**WHAT IS NEEDED**
Each entry is to be retyped exactly as it stands.

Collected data
===============
(* Let $V^{2n}$ be a real vector space with $J\in\mathrm{Aut}(V)$, $J^2=-I$, and a positive definite inner product $(\,,\,)$ for which $J$ is an isometry. Let $\mathbb{L}^p$, $p\geq 2$, be a real vector space with a Lorentzian inner product $\langle\,,\,\rangle$, let $\alpha\colon V^{2n}\times V^{2n}\to\mathbb{L}^p$ be a symmetric bilinear form, and suppose there is a light-like $w\in\mathbb{L}^p$ with $\langle\alpha(X,Y),w\rangle=-(X,Y)$ for all $X,Y$. Let $\beta,\gamma\colon V^{2n}\times V^{2n}\to W^{p,p}$ be defined by $\beta(X,Y)=(\alpha(X,Y)+\alpha(JX,JY),\alpha(X,JY)-\alpha(JX,Y))$ and $\gamma(X,Y)=(\alpha(X,Y),\alpha(X,JY))$. Assume $\beta$ is flat and $$\langle\!\langle\beta(X,Y),\gamma(Z,T)\rangle\!\rangle=\langle\!\langle\beta(X,T),\gamma(Z,Y)\rangle\!\rangle\quad\text{for all }X,Y,Z,T\in V^{2n}.$$ If $\mathcal{S}(\beta)$ is degenerate and $s\leq n-1$, then there is a $J$-invariant vector subspace $P^{2m}\subset V^{2n}$ with $m\geq n-s+1$ such that $$\langle\alpha(S,S),\alpha(JS,JS)\rangle-\langle\alpha(S,JS),\alpha(S,JS)\rangle\leq 0\quad\text{for all }S\in P^{2m}.$$
   Context: $W^{p,p}=\mathbb{L}^p\oplus\mathbb{L}^p$ carries the inner product $\langle\!\langle(\xi,\bar\xi),(\eta,\bar\eta)\rangle\!\rangle=\langle\xi,\eta\rangle-\langle\bar\xi,\bar\eta\rangle$. $\beta$ is flat if $\langle\!\langle\beta(X,Y),\beta(Z,T)\rangle\!\rangle=\langle\!\langle\beta(X,T),\beta(Z,Y)\rangle\!\rangle$ for all $X,Y,Z,T$. $\mathcal{S}(\beta)=\mathrm{span}\{\beta(X,Y):X,Y\in V\}$; it is degenerate if $\mathcal S(\beta)\cap\mathcal S(\beta)^\perp\neq0$ with respect to $\langle\!\langle\,,\,\rangle\!\rangle$. $s=\dim U_0^s$, where $U_0^s=\pi_1(\mathcal{S}(\beta))\subset\mathbb{L}^p$ is the projection of $\mathcal S(\beta)$ onto the first factor. *)

From HB Require Import structures.
From mathcomp Require Import all_boot all_order all_algebra.
From mathcomp Require Import reals.
Set Implicit Arguments. Unset Strict Implicit. Unset Printing Implicit Defensive.
Import Order.TTheory GRing.Theory Num.Theory.
Local Open Scope ring_scope.

Section Defs.
Variable R : realType.

Definition bform (k : nat) (M : 'M[R]_k) (x y : 'rV[R]_k) : R :=
  (x *m M *m y^T) 0 0.

Definition pos_def_inner (k : nat) (G : 'M[R]_k) : Prop :=
  G^T = G /\ forall x : 'rV[R]_k, x != 0 -> 0 < bform G x x.

(* Lorentzian (signature (p-1,1)) symmetric Gram matrix:
   congruent to diag(-1,1,...,1) *)
Definition lorentz_diag (p : nat) : 'M[R]_p :=
  diag_mx (\row_(i < p) (if (i : nat) == 0%N then -1 else 1)).

Definition lorentzian (p : nat) (L : 'M[R]_p) : Prop :=
  L^T = L /\ exists P : 'M[R]_p, P \in unitmx /\ P *m L *m P^T = lorentz_diag p.

Definition sym_bilinear (k p : nat) (a : 'rV[R]_k -> 'rV[R]_k -> 'rV[R]_p) : Prop :=
  (forall X Y, a X Y = a Y X) /\
  (forall (c : R) X Y Z, a (c *: X + Y) Z = c *: a X Z + a Y Z).

(* W^{p,p} = L^p (+) L^p represented as 'rV_(p + p) via row_mx *)
Definition wform (p : nat) (L : 'M[R]_p) (u v : 'rV[R]_(p + p)) : R :=
  bform L (lsubmx u) (lsubmx v) - bform L (rsubmx u) (rsubmx v).

(* J acts on row vectors by right multiplication: JX := X *m J *)
Definition betaF (k p : nat) (J : 'M[R]_k) (a : 'rV[R]_k -> 'rV[R]_k -> 'rV[R]_p)
  (X Y : 'rV[R]_k) : 'rV[R]_(p + p) :=
  row_mx (a X Y + a (X *m J) (Y *m J)) (a X (Y *m J) - a (X *m J) Y).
===============
**TASK RESULT**
(* Let $V^{2n}$ be a real vector space with $J\in\mathrm{Aut}(V)$, $J^2=-I$, and a positive definite inner product $(\,,\,)$ for which $J$ is an isometry. Let $\mathbb{L}^p$, $p\geq 2$, be a real vector space with a Lorentzian inner product $\langle\,,\,\rangle$, let $\alpha\colon V^{2n}\times V^{2n}\to\mathbb{L}^p$ be a symmetric bilinear form, and suppose there is a light-like $w\in\mathbb{L}^p$ with $\langle\alpha(X,Y),w\rangle=-(X,Y)$ for all $X,Y$. Let $\beta,\gamma\colon V^{2n}\times V^{2n}\to W^{p,p}$ be defined by $\beta(X,Y)=(\alpha(X,Y)+\alpha(JX,JY),\alpha(X,JY)-\alpha(JX,Y))$ and $\gamma(X,Y)=(\alpha(X,Y),\alpha(X,JY))$. Assume $\beta$ is flat and $$\langle\!\langle\beta(X,Y),\gamma(Z,T)\rangle\!\rangle=\langle\!\langle\beta(X,T),\gamma(Z,Y)\rangle\!\rangle\quad\text{for all }X,Y,Z,T\in V^{2n}.$$ If $\mathcal{S}(\beta)$ is degenerate and $s\leq n-1$, then there is a $J$-invariant vector subspace $P^{2m}\subset V^{2n}$ with $m\geq n-s+1$ such that $$\langle\alpha(S,S),\alpha(JS,JS)\rangle-\langle\alpha(S,JS),\alpha(S,JS)\rangle\leq 0\quad\text{for all }S\in P^{2m}.$$
   Context: $W^{p,p}=\mathbb{L}^p\oplus\mathbb{L}^p$ carries the inner product $\langle\!\langle(\xi,\bar\xi),(\eta,\bar\eta)\rangle\!\rangle=\langle\xi,\eta\rangle-\langle\bar\xi,\bar\eta\rangle$. $\beta$ is flat if $\langle\!\langle\beta(X,Y),\beta(Z,T)\rangle\!\rangle=\langle\!\langle\beta(X,T),\beta(Z,Y)\rangle\!\rangle$ for all $X,Y,Z,T$. $\mathcal{S}(\beta)=\mathrm{span}\{\beta(X,Y):X,Y\in V\}$; it is degenerate if $\mathcal S(\beta)\cap\mathcal S(\beta)^\perp\neq0$ with respect to $\langle\!\langle\,,\,\rangle\!\rangle$. $s=\dim U_0^s$, where $U_0^s=\pi_1(\mathcal{S}(\beta))\subset\mathbb{L}^p$ is the projection of $\mathcal S(\beta)$ onto the first factor. *)

From HB Require Import structures.
From mathcomp Require Import all_boot all_order all_algebra.
From mathcomp Require Import reals.
Set Implicit Arguments. Unset Strict Implicit. Unset Printing Implicit Defensive.
Import Order.TTheory GRing.Theory Num.Theory.
Local Open Scope ring_scope.

Section Defs.
Variable R : realType.

Definition bform (k : nat) (M : 'M[R]_k) (x y : 'rV[R]_k) : R :=
  (x *m M *m y^T) 0 0.

Definition pos_def_inner (k : nat) (G : 'M[R]_k) : Prop :=
  G^T = G /\ forall x : 'rV[R]_k, x != 0 -> 0 < bform G x x.

(* Lorentzian (signature (p-1,1)) symmetric Gram matrix:
   congruent to diag(-1,1,...,1) *)
Definition lorentz_diag (p : nat) : 'M[R]_p :=
  diag_mx (\row_(i < p) (if (i : nat) == 0%N then -1 else 1)).

Definition lorentzian (p : nat) (L : 'M[R]_p) : Prop :=
  L^T = L /\ exists P : 'M[R]_p, P \in unitmx /\ P *m L *m P^T = lorentz_diag p.

Definition sym_bilinear (k p : nat) (a : 'rV[R]_k -> 'rV[R]_k -> 'rV[R]_p) : Prop :=
  (forall X Y, a X Y = a Y X) /\
  (forall (c : R) X Y Z, a (c *: X + Y) Z = c *: a X Z + a Y Z).

(* W^{p,p} = L^p (+) L^p represented as 'rV_(p + p) via row_mx *)
Definition wform (p : nat) (L : 'M[R]_p) (u v : 'rV[R]_(p + p)) : R :=
  bform L (lsubmx u) (lsubmx v) - bform L (rsubmx u) (rsubmx v).

(* J acts on row vectors by right multiplication: JX := X *m J *)
Definition betaF (k p : nat) (J : 'M[R]_k) (a : 'rV[R]_k -> 'rV[R]_k -> 'rV[R]_p)
  (X Y : 'rV[R]_k) : 'rV[R]_(p + p) :=
  row_mx (a X Y + a (X *m J) (Y *m J)) (a X (Y *m J) - a (X *m J) Y).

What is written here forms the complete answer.